Cryptic and True, All at the Same Time

When my husband is driving and I am the passenger, he is forever reminding me that men have superior depth perception. Especially compared to me. He heard that fact one time and our experiences in motor vehicles seem to back up this idea. I’ll be stomping the imaginary brakes and clutching the arm rests while he’s still accelerating, even though a parade of brake lights shine in front of us. He’ll say, “Relax!” which has never made me relax, not one time, not since the first time he said it to me nineteen years ago.

The other day, I was idly chatting on the phone with my neighbor, the one whose house was hit by a falling tree a few weeks ago. She’d called to let me know her sick son wouldn’t be going to school. (We carpool.) My son wasn’t going either–he missed the whole week due to this flu bug–and then we wandered from topic to topic. I washed dishes while we talked and then stood and gazed out my back window.

Over my back fence is a new development of houses and on the other side of that little development is a sporadic row of trees, tall, spindly Douglas Firs with clumpy branches at the tops of long trunks. They look kind of like feather dusters and during windy days, I liked to watch them sway back and forth.

As you imagine, when we had the wind storm, those feather duster trees whipped back and forth and some of the tops snapped clean off. In recent days, I’ve noticed gaps in the line of trees. And then, that morning, I saw that in that particular stand of Douglas Firs, only one remained.

As I watched that morning, phone to my ear, that tree began to wiggle and then it began to fall. I hollered into my unsuspecting friend’s ear, “OH MY GOSH! THAT TREE IS FALLING! IT’S GOING TO HIT THAT HOUSE!” She has no idea what I was talking about, but having been the recent victim of a falling tree herself, was appropriately panicked.

And then the tree fell, missing the house completely.

It’s all about depth perception. And how mine is wacky. I always sense danger when danger is not within arm’s reach. As you can imagine, this makes me jumpy and suspicious.

But “jumpy” and “suspicious” are pejorative words. I prefer to think of myself as aware and discerning. For each negative, there’s a positive, right? And, if you are negative, you must admit that for every positive there’s a negative. Maybe that’s just me.

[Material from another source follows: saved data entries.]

(* Assumption A applied to single-edge monomials. *)
Lemma rate_ratio_cv_or_infty x y a b : x <> y -> (forall N, 0 < RN N x y) -> a <> b ->
  cv_or_infty (fun N => RN N a b / RN N x y).
Proof.
  intros Hxy Hpos Hab. destruct HA as [Hdich Hord].
  destruct (Hdich a b Hab) as [Hzero|Hpab].
  { left; exists 0. apply (Un_cv_ext (fun _ => 0)); [|exact (Un_cv_const 0)].
    intros N; rewrite Hzero; unfold Rdiv; ring. }
  destruct (classic (a = x /\ b = y)) as [[-> ->]|Hne].
  { left; exists 1. apply (Un_cv_ext (fun _ => 1)); [|exact (Un_cv_const 1)].
    intros N; specialize (Hpos N); field; lra. }
  apply cv_or_infty_of_atan.
  { intros N; specialize (Hpos N); specialize (Hpab N).
    left; apply Rdiv_lt_0_compat; assumption. }
  destruct (Hord 1%nat (le_n 1) (edge_exponent a b) (edge_exponent x y)) as [L HL].
  - apply admissible_edge_exponent; assumption.
  - apply admissible_edge_exponent; assumption.
  - intros Heq; exact (Hne (edge_exponent_inj a b x y Heq)).
  - exists L. revert HL; apply Un_cv_ext; intros N.
    rewrite !monomial_edge_exponent by assumption; reflexivity.
Qed.

(* [alpha_N R_N(x, y)] is the inverse of the sum of all ratios [R_N(a, b) / R_N(x, y)],
   a sum which is at least [1] and has a limit in [1, +oo]. *)
Lemma alpha_rate_cv x y : x <> y -> exists L, Un_cv (fun N => alpha l RN N * RN N x y) L.
Proof.
  intros Hxy. destruct (proj1 HA x y Hxy) as [Hzero|Hpos].
  { exists 0. apply (Un_cv_ext (fun _ => 0)); [|exact (Un_cv_const 0)].
    intros N; rewrite Hzero; ring. }
  set (ratios := fun N => sumL l (fun a => off_sum l a (fun b => RN N a b / RN N x y))).
  assert (Hinv : forall N, alpha l RN N * RN N x y = / ratios N).
  { intros N; unfold ratios; rewrite <- total_rate_div; unfold alpha.
    pose proof (Hpos N). pose proof (rate_le_total N x y Hxy). field; lra. }
  destruct (cv_or_infty_inv ratios) as [L HL].
  - intros N; unfold ratios; rewrite <- total_rate_div.
    pose proof (Hpos N). pose proof (rate_le_total N x y Hxy).
    apply (Rmult_le_reg_r (RN N x y)); [lra|]. unfold Rdiv; rewrite Rmult_assoc, Rinv_l; lra.
  - apply cv_or_infty_sumL.
    + intros N a; apply sumL_nonneg; intros b; destruct (dec (b = a)); [lra|].
      pose proof (Hpos N). apply Rle_mult_inv_pos; auto.
    + intros a; apply cv_or_infty_sumL.
      * intros N b; destruct (dec (b = a)); [lra|].
        pose proof (Hpos N). apply Rle_mult_inv_pos; auto.
      * intros b; destruct (dec (b = a)) as [_|Hba].
        -- left; exists 0; exact (Un_cv_const 0).
        -- apply rate_ratio_cv_or_infty; auto.
  - exists L. revert HL; apply Un_cv_ext; intros N; rewrite Hinv; reflexivity.
Qed.

Lemma alpha_rate_limit x y : x <> y ->
  Un_cv (fun N => alpha l RN N * RN N x y) (limit_rate l RN x y).
Proof.
  intros Hxy; destruct (alpha_rate_cv x y Hxy) as [L HL]; exact (lim_seq_spec _ L HL).
Qed.

Lemma limit_rate_nonneg x y : x <> y -> 0 <= limit_rate l RN x y.
Proof.
  intros Hxy; refine (Rle_cv_lim _ (Un_cv_const 0) (alpha_rate_limit x y Hxy)).
  intros N; apply Rmult_le_pos; [apply alpha_nonneg|auto].
Qed.

Lemma alpha_off_sum_limit x :
  Un_cv (fun N => alpha l RN N * off_sum l x (RN N x)) (off_sum l x (limit_rate l RN x)).
Proof.
  apply (Un_cv_ext (fun N => off_sum l x (fun y => alpha l RN N * RN N x y))).
  { intros N; unfold off_sum; rewrite sumL_mult_l; apply sumL_ext; intros y.
    destruct (dec (y = x)); ring. }
  apply Un_cv_sumL; intros y; destruct (dec (y = x)) as [_|Hyx].
  - exact (Un_cv_const 0).
  - apply alpha_rate_limit; auto.
Qed.

Lemma unif_kernel_alpha_limit x y :
  Un_cv (fun N => unif_kernel l (alpha l RN N) (RN N) x y) (unif_kernel l 1 (limit_rate l RN) x y).
Proof.
  unfold unif_kernel; destruct (dec (y = x)) as [_|Hyx]; rewrite Rmult_1_l.
  - apply CV_minus; [exact (Un_cv_const 1)|apply alpha_off_sum_limit].
  - apply alpha_rate_limit; auto.
Qed.

Lemma limit_kernel_stochastic : stochastic l (unif_kernel l 1 (limit_rate l RN)).
Proof.
  apply unif_kernel_stochastic; [apply limit_rate_nonneg|lra|intros x; rewrite Rmult_1_l].
  exact (Rle_cv_lim (fun N => alpha_off_sum_le1 N x) (alpha_off_sum_limit x) (Un_cv_const 1)).
Qed.

End Rates.

Lemma hit_tail_uniformized {E : Type} (l : list E) a Rt A eta t : 0 < a ->
  hit_tail l a Rt A eta (t * a) =
  series (fun k => poisson t k * avoid l a Rt A k eta).
Proof. intros Ha; unfold hit_tail; replace (t * a / a) with t by (field; lra); reflexivity. Qed.

Theorem mainTheorem16 (E : Type) (enum : list E)
  (Hnodup : NoDup enum) (Hfull : forall x : E, In x enum)
  (RN : nat -> E -> E -> R)
  (Hnonneg : forall N eta xi, eta <> xi -> 0 <= RN N eta xi)
  (Hirr : forall N, irreducible (RN N))
  (HA : assumptionA enum RN) :
  forall eta : E, ~ recurrent (limit_rate enum RN) eta ->
  forall eps : R, 0 < eps ->
  exists T : R, forall t : R, T <= t ->
    exists N0 : nat, forall N : nat, (N0 <= N)%nat ->
      hit_tail enum (alpha enum RN N) (RN N) (recurrent (limit_rate enum RN))
               eta (t * alpha enum RN N) <= eps.
Proof.
  intros eta Heta eps Heps.
  set (Rl := limit_rate enum RN) in *. set (Q := unif_kernel enum 1 Rl).
  set (P := fun N => unif_kernel enum (alpha enum RN N) (RN N)).
  assert (HQ : stochastic enum Q) by (apply limit_kernel_stochastic; auto).
  assert (HQR : forall x y, x <> y -> Q x y = Rl x y).
  { intros x y Hxy; unfold Q, unif_kernel; destruct (dec (y = x)); [congruence|ring]. }
  destruct (avoid_recurrent_small enum Hfull Rl Q HQ HQR eta (eps / 4) Heta) as [K HK]; [lra|].
  destruct (avoid_prob_cv enum P Q (recurrent Rl) (unif_kernel_alpha_limit enum Hnodup Hfull RN
             Hnonneg HA) K eta (eps / 4)) as [N0 HN0]; [lra|].
  exists (2 * INR K * INR K / eps + 1); intros t Ht; exists N0; intros N HN.
  assert (Hpow : 0 <= 2 * INR K * INR K / eps).
  { apply Rle_mult_inv_pos; [pose proof (pos_INR K); nra|exact Heps]. }
  assert (Halpha : 0 < alpha enum RN N).
  { apply not_all_ex_not in Heta as [z Hz].
    apply (alpha_pos enum Hfull RN Hnonneg N eta z (Hirr N)); intros <-.
    apply Hz; intros _; apply rt_refl. }
  rewrite hit_tail_uniformized by exact Halpha.
  eapply Rle_trans; [apply (poisson_mixture_le t _ K); [lra|..]|].
  - intros k; rewrite avoid_unif; apply avoid_prob_bounds, unif_kernel_alpha_stochastic; auto.
  - intros k; rewrite !avoid_unif; apply avoid_prob_S_le, unif_kernel_alpha_stochastic; auto.
  - cbv beta; rewrite avoid_unif; fold (P N).
    specialize (HN0 N HN); unfold Rdist in HN0; apply Rabs_def2 in HN0.
    assert (INR K * INR K / t <= eps / 2).
    { apply (Rmult_le_reg_r t); [lra|]. unfold Rdiv in *; rewrite Rmult_assoc, Rinv_l by lra.
      assert (eps * (2 * INR K * INR K * / eps) = 2 * INR K * INR K) by (field; lra). nra. }
    lra.
Qed.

As I pick my way through the maze of life, occasionally bumping into dead ends and circling in cul-de-sacs going nowhere, I sometimes open a door and come face to face with a sneering, leering crowd who holds up a distorted mirror, reflecting back a warped image of myself.

And so I do what any jumpy and suspicious aware and discerning girl would do. I already know what I look like–I am obsessively aware of my true self and how I really am when I’m in the dark–and I refuse to play along with a fun-house mirror game in which I am psychoanalyzed by the clowns. My faults are grievous enough as it is. So, I slam the door closed, deadbolt it, build a brick wall in front it, drag a heavy chest in front of the wall and carry on.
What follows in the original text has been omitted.